“I have always loved the Corsair,” said restorer Matt Nightingale from his California Aerofab facility at Chino Airport. “It ranks right up there with the P-40.” Readers of Air Classics know that Matt has been responsible for returning many examples of the famed Curtiss fighter back to the air. “I got my start with the P-40 way back in 1993. That is when P-40C 41-13357 arrived at Fighter Rebuilders. I was just a kid at the time, but I knew I really liked that plane. Courtesy of Steve Hinton, I got my start on learning how to restore a fighter with the P-40C that had come out of Russia and was owned by Stephen Grey’s The Fighter Collection. Compared to some of the other projects since then, this aircraft was amazingly intact. It had crash-landed after a fight with Luftwaffe fighters in 1943 and then just stayed in a very cold climate near Archangelsk until rediscovered and removed to England and then Chino. I learned a tremendous amount by being able to help with the P-40C and I had a real sense of pride and accomplishment when it made its first post-restoration flight on 3 September 1998.” Since then, Matt has gone on to establish his own restoration facility, restored more P-40s, a French Hawk 75, an incredibly rare P-36 and, as can be seen in the last issue, a variety of OV-10 Broncos are now going through his shop. In-between these aircraft, there have been all sorts of other exciting projects with one of the most unusual being the “Yakfire.” This was a Yak airframe that received extensive modifications so it would look a bit like a Spitfire and an actor could sit in the rear seat and be filmed as if he was “flying” the fighter during shooting of the movie Dunkirk. “I recently had the chance to obtain a Vought F4U-1 — it was not a particularly easy process but I knew that if I did not get this airframe then future chances of restoring an early Corsair would be very limited.”
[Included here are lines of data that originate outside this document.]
Lemma prod_le_factor (R : numDomainType) (I : Type) (s : seq I) (f : I -> R) i :
  (forall i, List.In i s -> 0 <= f i <= 1) -> List.In i s ->
  \prod_(k <- s) f k <= f i.
Proof.
elim: s => [|a s IH] //= f01 si; rewrite big_cons.
have /andP[fa0 fa1] := f01 a (or_introl erefl).
have f01' k (sk : List.In k s) := f01 k (or_intror sk).
have /andP[p0 p1] := prod_in01 f01'.
case: si => [<-|si]; first by rewrite ler_piMr.
by apply: le_trans (IH f01' si); rewrite ler_piMl.
Qed.

Section Ultrafilters.
Variable T : Type.

Lemma ultra_fmap (U : Type) (f : T -> U) (F : set_system T) :
  UltraFilter F -> UltraFilter (fmap f F).
Proof.
move=> FU; split; first exact: fmap_proper_filter.
move=> G PG sFG; apply/seteqP; split=> // A GA.
have [//|FnA] := in_ultra_setVsetC (f @^-1` A) FU.
have GnA : G (~` A) by apply: sFG; rewrite /fmap preimage_setC.
by have /filter_ex[? []] : G (A `&` ~` A) by apply: filterI.
Qed.

Lemma ultra_setUN (F : set_system T) A B :
  UltraFilter F -> ~ F A -> ~ F B -> ~ F (A `|` B).
Proof.
move=> FU nFA nFB FAB.
have FnA := in_ultra_setVsetC A FU; have FnB := in_ultra_setVsetC B FU.
case: FnA FnB => // FnA [//|FnB].
have : F ((A `|` B) `&` (~` A `&` ~` B)) by apply: filterI => //; apply: filterI.
by move=> /filter_ex[x [[Ax|Bx] [nAx nBx]]].
Qed.

Lemma ultra_trace (S : set (set T)) (G : set T) :
  S !=set0 -> shrinking S -> (forall A, S A -> A `&` G !=set0) ->
  exists U, [/\ UltraFilter U, U G & S `<=` U].
Proof.
move=> [A0 SA0] shS SG.
have base_filter : Filter (filter_from S (fun A => A `&` G)).
  apply: filter_from_filter; first by exists A0.
  move=> A B SA SB; have [C [SC CAB]] := shS A B SA SB.
  by exists C => // x [/CAB[Ax Bx] Gx].
have [U [UU sub]] := ultraFilterLemma (filter_from_proper base_filter SG).
exists U; split => //; first by apply: sub; exists A0 => // x [].
by move=> A SA; apply: sub; exists A => // x [].
Qed.

End Ultrafilters.

Definition fin_additive (K : fieldType) (T : Type) (Rg : set (set T))
    (m : set T -> K) : Prop :=
  forall A B, Rg A -> Rg B -> A `&` B = set0 -> m (A `|` B) = m A + m B.

Definition measure_continuity (R : realType) (K : fieldType) (v : K -> R)
    (T : Type) (Rg : set (set T)) (m : set T -> K) : Prop :=
  forall S : set (set T), S `<=` Rg -> shrinking S -> \bigcap_(A in S) A = set0 ->
  forall eps : R, 0 < eps ->
  exists2 B, S B & forall A, S A -> A `<=` B -> v (m A) <= eps.

Definition base_cvg (T : Type) (Rg : set (set T)) (U : set_system T) (y : T) :=
  forall V, Rg V -> V y -> U V.

Lemma tail_large (R : realType) (T : Type) (S : set (set T)) (f : set T -> R) eps :
  ~ (exists2 B, S B & forall A, S A -> A `<=` B -> f A <= eps) ->
  forall B, S B -> exists A, [/\ S A, A `<=` B & eps < f A].
Proof.
move=> no_small B SB; apply: contrapT => all_small; apply: no_small.
exists B => // A SA AB; rewrite leNgt; apply/negP => lt_eps.
by apply: all_small; exists A.
Qed.

Lemma bigcap_eq0_nonempty (T : Type) (S : set (set T)) :
  [set: T] !=set0 -> \bigcap_(A in S) A = set0 -> S !=set0.
Proof.
move=> [x _] capS; apply: contrapT => S0.
suff : (\bigcap_(A in S) A) x by rewrite capS.
by move=> A SA; exfalso; apply: S0; exists A.
Qed.

Section CoveringRing.
Variables (T : Type) (Rg : set (set T)).
Hypothesis HR : covering_ring Rg.

Lemma ringU A B : Rg A -> Rg B -> Rg (A `|` B). Proof. by case: HR => + _ _ _; apply. Qed.
Lemma ringI A B : Rg A -> Rg B -> Rg (A `&` B). Proof. by case: HR => _ + _ _; apply. Qed.
Lemma ringD A B : Rg A -> Rg B -> Rg (A `\` B). Proof. by case: HR => _ _ + _; apply. Qed.

Hypothesis HT : Rg setT.

Lemma ring0 : Rg set0. Proof. by rewrite -(setDv setT); apply: ringD. Qed.
Lemma ringC A : Rg A -> Rg (~` A). Proof. by move=> RA; rewrite -setTD; apply: ringD. Qed.

Lemma step_fun_preimage (K : fieldType) (f : T -> K) (P : set K) :
  step_fun Rg f -> Rg (f @^-1` P).
Proof.
move=> [n [c [B [RB ->]]]]; elim: n c B RB P => [|n IH] c B RB P.
  have -> : (fun x => \sum_(i < 0) c i * indic_K (B i) x) @^-1` P =
      if `[< P 0 >] then setT else set0.
    by apply/seteqP; split=> x; rewrite /preimage /= big_ord0; case: asboolP.
  by case: asboolP => _; [exact: HT | exact: ring0].
pose c' (i : 'I_n) := c (widen_ord (leqnSn n) i).
pose B' (i : 'I_n) := B (widen_ord (leqnSn n) i).
pose f' x := \sum_(i < n) c' i * indic_K (B' i) x.
have -> : (fun x => \sum_(i < n.+1) c i * indic_K (B i) x) @^-1` P =
    (f' @^-1` [set y | P (y + c ord_max)] `&` B ord_max) `|` (f' @^-1` P `\` B ord_max).
  apply/seteqP; split=> x; rewrite /preimage /= big_ord_recr /= /indic_K;
    case: asboolP => Bx; rewrite ?mulr1 ?mulr0 ?addr0.
  - by left.
  - by right.
  - by case=> -[].
  - by case=> -[].
have Rf' Q : Rg (f' @^-1` Q) by apply: IH => i; apply: RB.
by apply: ringU; [apply: ringI | apply: ringD].
Qed.

End CoveringRing.

Section AdditiveSetFunction.
Variables (K : fieldType) (T : Type) (Rg : set (set T)) (m : set T -> K).
Hypotheses (HR : covering_ring Rg) (HT : Rg setT) (madd : fin_additive Rg m).

Lemma additive0 : m set0 = 0.
Proof.
have := madd (ring0 HR HT) (ring0 HR HT) (setI0 set0).
by rewrite setU0 => /(congr1 (fun t => t - m set0)); rewrite subrr addrK.
Qed.

Lemma additive_nonempty A : m A != 0 -> A !=set0.
Proof. by move=> mA; apply/set0P; apply: contra_neq mA => ->; exact: additive0. Qed.

Lemma additive_split A B : Rg A -> Rg B -> m A = m (A `&` B) + m (A `\` B).
Proof.
move=> RA RB; rewrite -madd ?setUIDK //; try by [apply: ringI | apply: ringD].
by rewrite setDE setIACA setICr setI0.
Qed.

Lemma additive_union A B : Rg A -> Rg B -> m (A `|` B) = m A + m B - m (A `&` B).
Proof.
move=> RA RB; have RAB := ringU HR RA RB.
rewrite (additive_split RAB RA) setUK (additive_split RB RA).
have -> : (A `|` B) `\` A = B `\` A by rewrite setDUl setDv set0U.
by rewrite setIC; ring.
Qed.

End AdditiveSetFunction.
(* For each $N\ge1$ let $\{a_n\}_{n=0}^{N-1},\{b_n\}_{n=0}^{N-1},\{c_n\}_{n=1}^{N}$ (depending on $N$) be real sequences with $c_n>0$, $a_{N-1}=0$, $b_{N-1}=\tfrac12$, $c_N=1$, satisfying for $n=1,\dots,N-1$ $$a_{n-1}=a_n\Big(\frac{1}{c_n^2+1}\Big)^{1/2}+b_n\Big(\frac{1}{c_n^2+1}\Big)^{3/2}c_n^2,\quad b_{n-1}=b_n\Big(\frac{1}{c_n^2+1}\Big)^{3/2}+\frac{c_n}{c_n^2+1},\quad -3b_nc_n+(c_n^2+1)^{1/2}(1-c_n^2)=0,$$ and with $\Delta t_N=1/N$, $\Sigma_0>0$, $\sigma_u>0$ define $\Sigma_n=\Sigma_{n-1}/(1+c_n^2)$, $\beta_n=c_n\sigma_u\Delta t_N^{1/2}\Sigma_{n-1}^{-1/2}$, $\lambda_n=\beta_n\Sigma_{n-1}/(\beta_n^2\Sigma_{n-1}+\sigma_u^2\Delta t_N)$ for $n=1,\dots,N$. Then for every $t\in(0,1)$, as $N\to\infty$: $c_{[Nt]}\to0$, $b_{[Nt]}\to\infty$, $a_{[Nt]}\to\infty$, and $$\frac{c_{[Nt]}}{\Delta t_N^{1/2}}\to\frac{\sqrt3}{3}\frac{1}{(1-t)^{1/2}},\quad b_{[Nt]}\Delta t_N^{1/2}\to\frac{\sqrt3}{3}(1-t)^{1/2},\quad a_{[Nt]}\Delta t_N^{1/2}\to\frac{\sqrt3}{6}(1-t)^{1/2},$$ $$\Sigma_{[Nt]}\to(1-t)^{1/3}\Sigma_0,\qquad \lambda_{[Nt]}\to\frac{\sqrt3\,\Sigma_0^{1/2}}{3(1-t)^{1/3}\sigma_u},\qquad \frac{\beta_{[Nt]}}{\Delta t_N}\to\frac{\sqrt3\,\sigma_u}{3(1-t)^{2/3}\Sigma_0^{1/2}}.$$
   Context: $[x]$ denotes the integer part of $x$. These sequences describe the equilibrium of the risk-seeking insider model (Model 3) of an $N$-period Kyle-type insider trading model, where $\Sigma_n$ is the conditional variance of the asset value after $n$ rounds, $\lambda_n$ the liquidity parameter and $\beta_n$ the insider's trading intensity; the claim concerns only the sequences as defined here. *)

From Stdlib Require Import Reals Lra Lia ZArith.
From Coquelicot Require Import Coquelicot.
Open Scope R_scope.

Definition dt (N : nat) : R := / INR N.
(* Let $m\ge3$, let $\tilde\omega$ be a symmetric fractional polymorphism of $\Gamma$ of arity $m-1$, and let $\tilde{\mathbb G}$ and $\mathbb G$ be as below. Then $\tilde{\mathbb G}\subseteq\mathbb G$.
   Context: $D$ finite, $\Gamma$ a finite set of cost functions $f:D^n\to\mathbb Q\cup\{\infty\}$, $\mathrm{dom} f=\{x:f(x)<\infty\}$. A $k$-ary fractional polymorphism: probability distribution $\nu$ on operations $g:D^k\to D$ with $\sum\nu(g)f(g(x^1,\dots,x^k))\le\frac1k\sum f(x^i)$ for $f\in\Gamma$, $x^i\in\mathrm{dom} f$ (componentwise); symmetric if all support operations are invariant under all permutations of arguments. Maps $\mathbf g=(g_1,\dots,g_m):D^m\to D^m$ act on $[D^n]^m$ coordinatewise; $f^m(x)=\frac1m\sum f(x^i)$; generalized fractional polymorphism of arity $m\to m$: finitely supported probability distribution $\rho$ on maps with $\sum\rho(\mathbf g)f^m(\mathbf g(x))\le f^m(x)$ for $f\in\Gamma$, $x\in[\mathrm{dom} f]^m$. $\Omega=\{\mathbf g:(g_{\pi(1)},\dots,g_{\pi(m)})(x)=\mathbf g(x_{\pi(1)},\dots,x_{\pi(m)})\ \forall x\in D^m,\pi\}$. $\omega$: generalized fractional polymorphism of arity $m\to m$ with support in $\Omega$ containing the support of every other such; $\mathbb G=\{\mathbf g_k\circ\dots\circ\mathbf g_1:k\ge0,\mathbf g_i\in\mathrm{supp}(\omega)\}$. For $x\in D^m$ and $k\in[m]$, $x_{-k}\in D^{m-1}$ is $x$ with the $k$-th entry deleted. For $s\in\mathrm{supp}(\tilde\omega)$ define $\mathbb 1^s:D^m\to D^m$ by $\mathbb 1^s(x)=(s(x_{-1}),\dots,s(x_{-m}))$, and $\tilde{\mathbb G}=\{\mathbb 1^{s_k}\circ\dots\circ\mathbb 1^{s_1}:k\ge0,s_i\in\mathrm{supp}(\tilde\omega)\}$ (identity for $k=0$). *)

From HB Require Import structures.
From Stdlib Require List.
From mathcomp Require Import all_boot all_order all_algebra all_fingroup.
Set Implicit Arguments. Unset Strict Implicit. Unset Printing Implicit Defensive.
Import Order.TTheory GRing.Theory Num.Theory.
Local Open Scope ring_scope.

Definition vec (D : finType) (k : nat) := {ffun 'I_k -> D}.
Definition op (D : finType) (k : nat) := {ffun vec D k -> D}.
(* maps g = (g_1,...,g_m) : D^m -> D^m *)
Definition gmap (D : finType) (m : nat) := {ffun 'I_m -> op D m}.

(* cost function f : D^n -> Q \cup {oo}; None encodes oo *)
Record cost (D : finType) := Cost { c_ar : nat; c_fun : vec D c_ar -> option rat }.
Arguments c_ar {D} _.
Arguments c_fun {D} _ _.

Definition indom (D : finType) (f : cost D) (x : vec D (c_ar f)) : bool :=
  c_fun f x != None.

(* finite value (only used on dom f) *)
Arguments indom {D} f x.
Definition fin (R : realFieldType) (v : option rat) : R :=
  if v is Some q then ratr q else 0.

(* applying a k-ary operation coordinatewise to x = (x^1,...,x^k), x^i in D^n *)
Definition opapp (D : finType) (k n : nat) (o : op D k) (x : 'I_k -> vec D n) : vec D n :=
  [ffun j => o [ffun i => x i j]].

Definition gapp (D : finType) (m : nat) (g : gmap D m) (y : vec D m) : vec D m :=
  [ffun i => g i y].

Definition fpol (R : realFieldType) (D : finType) (Gamma : seq (cost D)) (k : nat)
  (nu : {ffun op D k -> R}) : Prop :=
  [/\ (forall o, 0 <= nu o), \sum_o nu o = 1 &
   forall f, Stdlib.Lists.List.In f Gamma -> forall x : 'I_k -> vec D (c_ar f),
     (forall i, indom f (x i)) ->
     (forall o, 0 < nu o -> indom f (opapp o x)) /\
     \sum_o nu o * fin R (c_fun f (opapp o x))
       <= k%:R^-1 * \sum_i fin R (c_fun f (x i))].

Definition symmetric_fpol (R : realFieldType) (D : finType) (k : nat)
  (nu : {ffun op D k -> R}) : Prop :=
  forall o, 0 < nu o -> forall (pi : {perm 'I_k}) (y : vec D k),
    o [ffun j => y (pi j)] = o y.

Definition gfpol (R : realFieldType) (D : finType) (Gamma : seq (cost D)) (m : nat)
  (rho : {ffun gmap D m -> R}) : Prop :=
  [/\ (forall g, 0 <= rho g), \sum_g rho g = 1 &
   forall f, Stdlib.Lists.List.In f Gamma -> forall x : 'I_m -> vec D (c_ar f),
     (forall i, indom f (x i)) ->
     (forall g, 0 < rho g -> forall i, indom f (opapp (g i) x)) /\
     \sum_g rho g * (m%:R^-1 * \sum_i fin R (c_fun f (opapp (g i) x)))
       <= m%:R^-1 * \sum_i fin R (c_fun f (x i))].

Definition inOmega (D : finType) (m : nat) (g : gmap D m) : Prop :=
  forall (pi : {perm 'I_m}) (y : vec D m) (i : 'I_m),
    g (pi i) y = g i [ffun j => y (pi j)].

(* composition g_k o ... o g_1 for s = [:: g_1; ...; g_k] *)
Definition gcomp (D : finType) (m : nat) (s : seq (gmap D m)) : vec D m -> vec D m :=
  foldl (fun acc g => gapp g \o acc) id s.

Definition GG (R : realFieldType) (D : finType) (m : nat) (omega : {ffun gmap D m -> R})
  (h : vec D m -> vec D m) : Prop :=
  exists s : seq (gmap D m), all (fun g => 0 < omega g) s /\ h =1 gcomp s.

(* x_{-k}: delete the k-th entry *)
Definition del (D : finType) (m : nat) (y : vec D m) (k : 'I_m) : vec D m.-1 :=
  [ffun j : 'I_m.-1 => y (insubd k (bump k j))].

(* 1^s(y) = (s(y_{-1}),...,s(y_{-m})) *)
Definition one_s (D : finType) (m : nat) (s : op D m.-1) (y : vec D m) : vec D m :=
  [ffun k => s (del y k)].

Definition tcomp (D : finType) (m : nat) (s : seq (op D m.-1)) : vec D m -> vec D m :=
  foldl (fun acc o => one_s o \o acc) id s.

Definition GGt (R : realFieldType) (D : finType) (m : nat) (nut : {ffun op D m.-1 -> R})
  (h : vec D m -> vec D m) : Prop :=
  exists s : seq (op D m.-1), all (fun o => 0 < nut o) s /\ h =1 tcomp s.

From HB Require Import structures.
From mathcomp Require Import all_boot all_order all_algebra all_fingroup.
Import Order.TTheory GRing.Theory Num.Theory.
Local Open Scope ring_scope.

Set Implicit Arguments.
Unset Strict Implicit.
Unset Printing Implicit Defensive.

(* Pushing
   tilde omega forward along s |-> 1^s gives a distribution rho on maps, which
   lies in Omega because s is symmetric, and is a generalized fractional
   polymorphism because averaging the inequality for s over the m deletions
   x_{-k} counts every x^i exactly m-1 times.  By maximality of omega, every
   1^s with s in supp(tilde omega) lies in supp(omega), so every composite of
   such maps lies in G. *)

Section PushForward.
Variables (R : numDomainType) (T U : finType) (F : T -> U) (nu : {ffun T -> R}).

Definition pushforward : {ffun U -> R} := [ffun u => \sum_(t | F t == u) nu t].

Lemma sum_pushforward (X : U -> R) :
  \sum_u pushforward u * X u = \sum_t nu t * X (F t).
Proof.
rewrite [RHS](partition_big F xpredT) //=; apply: eq_bigr => u _.
by rewrite ffunE mulr_suml; apply: eq_big => // t /eqP ->.
Qed.

Hypothesis nu_ge0 : forall t, 0 <= nu t.

Lemma pushforward_ge0 u : 0 <= pushforward u.
Proof. by rewrite ffunE; apply: sumr_ge0. Qed.

Lemma pushforward_gt0 t : 0 < nu t -> 0 < pushforward (F t).
Proof.
move=> nut_gt0; rewrite ffunE (bigD1 t) //=.
by rewrite ltr_wpDr //; apply: sumr_ge0.
Qed.

Lemma pushforward_supp u : 0 < pushforward u -> exists2 t, F t = u & 0 < nu t.
Proof.
case: (pickP (fun t => (F t == u) && (0 < nu t))) => [t /andP[/eqP Ftu] | none].
  by exists t.
rewrite ffunE big1 ?ltxx // => t /eqP Ftu.
by have := none t; rewrite Ftu eqxx lt_neqAle nu_ge0 andbT => /negbFE/eqP.
Qed.

End PushForward.

Lemma sum_sum_lift (V : zmodType) (n : nat) (c : 'I_n.+1 -> V) :
  \sum_(i < n.+1) \sum_(j < n) c (lift i j) = (\sum_i c i) *+ n.
Proof.
have drop_one (i : 'I_n.+1) : \sum_(j < n) c (lift i j) = \sum_k c k - c i.
  by rewrite (bigD1_ord i) //= addrC addrK.
under eq_bigr do rewrite drop_one.
by rewrite sumrB sumr_const card_ord mulrSr addrK.
Qed.

Section OneMap.
Variables (D : finType) (n : nat).

Definition one_gmap (s : op D n) : gmap D n.+1 :=
  [ffun k => [ffun y : vec D n.+1 => s (del y k)]].

Lemma gapp_one_gmap (s : op D n) : gapp (one_gmap s) =1 @one_s D n.+1 s.
Proof. by move=> y; apply/ffunP=> k; rewrite !ffunE. Qed.

Lemma tcomp_gcomp (ss : seq (op D n)) : @tcomp D n.+1 ss =1 gcomp (map one_gmap ss).
Proof.
suff foldl_eq (a b : vec D n.+1 -> vec D n.+1) : a =1 b ->
    foldl (fun acc s => @one_s D n.+1 s \o acc) a ss =1
    foldl (fun acc g => gapp g \o acc) b (map one_gmap ss) by exact: foldl_eq.
elim: ss a b => [|s ss IH] a b eq_ab //=.
by apply: IH => y /=; rewrite eq_ab gapp_one_gmap.
Qed.

Lemma delE (y : vec D n.+1) k : del y k = [ffun j => y (lift k j)].
Proof.
apply/ffunP=> j; rewrite !ffunE; congr (y _); apply: val_inj.
by rewrite val_insubd (ltn_ord (lift k j)).
Qed.

Lemma opapp_one_gmap (s : op D n) p (x : 'I_n.+1 -> vec D p) k :
  opapp (one_gmap s k) x = opapp s (fun j => x (lift k j)).
Proof.
apply/ffunP=> i; rewrite !ffunE delE; congr (s _).
by apply/ffunP=> j; rewrite !ffunE.
Qed.

(* For a permutation pi of 'I_n.+1 and k, the permutation of 'I_n taking
   y_{-(pi k)} to (y o pi)_{-k}. *)
Section DeletePerm.
Variables (pi : {perm 'I_n.+1}) (k : 'I_n.+1).

Definition del_perm_fun (j : 'I_n) : 'I_n := odflt j (unlift (pi k) (pi (lift k j))).

Lemma lift_del_perm_fun j : lift (pi k) (del_perm_fun j) = pi (lift k j).
Proof.
have neq : pi k != pi (lift k j) by rewrite (inj_eq perm_inj) neq_lift.
by case: (unlift_some neq) => l eq_l unl; rewrite /del_perm_fun unl eq_l.
Qed.

Lemma del_perm_fun_inj : injective del_perm_fun.
Proof.
move=> j1 j2 e; apply: (lift_inj (h := k)); apply: (@perm_inj _ pi).
by rewrite -!lift_del_perm_fun e.
Qed.

End DeletePerm.

Lemma one_gmap_inOmega (s : op D n) :
  (forall (pi : {perm 'I_n}) (y : vec D n), s [ffun j => y (pi j)] = s y) ->
  inOmega (one_gmap s).
Proof.
move=> s_sym pi y k; rewrite !ffunE.
rewrite -(s_sym (perm (@del_perm_fun_inj pi k))); congr (s _).
by apply/ffunP=> j; rewrite !delE !ffunE permE lift_del_perm_fun.
Qed.

End OneMap.

Lemma gfpol_pushforward_one_gmap (R : realFieldType) (D : finType)
    (Gamma : seq (cost D)) (n : nat) (nu : {ffun op D n -> R}) :
  (0 < n)%N -> fpol Gamma nu -> gfpol Gamma (pushforward (@one_gmap D n) nu).
Proof.
move=> n_gt0 [nu_ge0 nu_sum1 nu_fpol]; split.
- exact: pushforward_ge0.
- by rewrite -(eq_bigr _ (fun g _ => mulr1 _)) sum_pushforward;
    under eq_bigr do rewrite mulr1.
move=> f f_in x x_dom.
have nu_del (k : 'I_n.+1) := nu_fpol f f_in (fun j => x (lift k j)) (fun j => x_dom _).
split.
- move=> g /(pushforward_supp nu_ge0) [s <- nu_s] k.
  by rewrite opapp_one_gmap; apply: (nu_del k).1.
rewrite sum_pushforward.
under eq_bigr do rewrite mulrCA mulr_sumr.
rewrite -mulr_sumr exchange_big /=; apply: ler_wpM2l; first by rewrite invr_ge0.
under eq_bigr do under eq_bigr do rewrite opapp_one_gmap.
apply: le_trans (ler_sum _ (fun k _ => (nu_del k).2)) _.
rewrite -[X in X <= _]mulr_sumr (sum_sum_lift (fun k => fin R (c_fun f (x k)))).
by rewrite -[(\sum_i _) *+ n]mulr_natl mulKf // pnatr_eq0 -lt0n.
Qed.

Theorem proposition7p6 (R : realFieldType) (D : finType) (Gamma : seq (cost D))
  (m : nat) (hm : (3 <= m)%N)
  (omega : {ffun gmap D m -> R})
  (Homega : gfpol Gamma omega)
  (HomegaOmega : forall g, 0 < omega g -> inOmega g)
  (Hmax : forall rho : {ffun gmap D m -> R}, gfpol Gamma rho ->
            (forall g, 0 < rho g -> inOmega g) ->
            forall g, 0 < rho g -> 0 < omega g)
  (nut : {ffun op D m.-1 -> R})
  (Hnut : fpol Gamma nut) (Hsym : symmetric_fpol nut) :
  forall h : vec D m -> vec D m, GGt nut h -> GG omega h.
Proof.
case: m hm omega Homega HomegaOmega Hmax nut Hnut Hsym => // n hm omega _ _
  Hmax nut Hnut Hsym.
have [nut_ge0 _ _] := Hnut.
set rho := pushforward (@one_gmap D n) nut.
have rho_gfpol : gfpol Gamma rho := gfpol_pushforward_one_gmap (ltnW (hm : (1 < n)%N)) Hnut.
have rho_Omega g : 0 < rho g -> inOmega g.
  by case/(pushforward_supp nut_ge0) => s <- nut_s; apply/one_gmap_inOmega/Hsym.
move=> h [ss [ss_supp eq_h]]; exists (map (@one_gmap D n) ss); split.
- rewrite all_map; apply/allP => s /(allP ss_supp) nut_s /=.
  exact: Hmax rho_gfpol rho_Omega _ (pushforward_gt0 _ nut_ge0 nut_s).
- by move=> y; rewrite eq_h tcomp_gcomp.
Qed.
Matt is certainly correct about that. There was a time during the early portion of the Warbird Movement when an airworthy example of the famed “bent-wing bird” was worth considerably less than a similar P-51D Mustang. All that has certainly changed. Corsair airframes, and associated spare parts, are now very difficult to come by and that is interesting since the Corsair remained in production longer than any other WWII fighter. Photographs taken during the late 1950s show literally hundreds of Corsairs in storage at NAF Litchfield Park in Arizona and being offered for sale but there were few buyers and most went to the smelters — along with tons of spare parts and components. In fact, if it weren’t for the recoveries during the 1970s of Corsairs operated in Latin America, then today’s Corsair fleet would indeed be very limited. “Compared to a P-40 or a P-51, the F4U is a really complex aircraft to restore,” states Matt. “There is nothing easy about the Corsair — especially that huge main spar which looks like it should be part of a bridge!” Over the past decade, restorers have advanced the ability to remanufacture certain components including the spar, which was once thought too complex to make it worthwhile, and rear fuselages. Matt is lucky to have the majority of this original airframe — and it is an aircraft with an exciting history. In the coming months, we will have regular updates on the F4U-1 restoration, its history, and how it came to Chino Airport.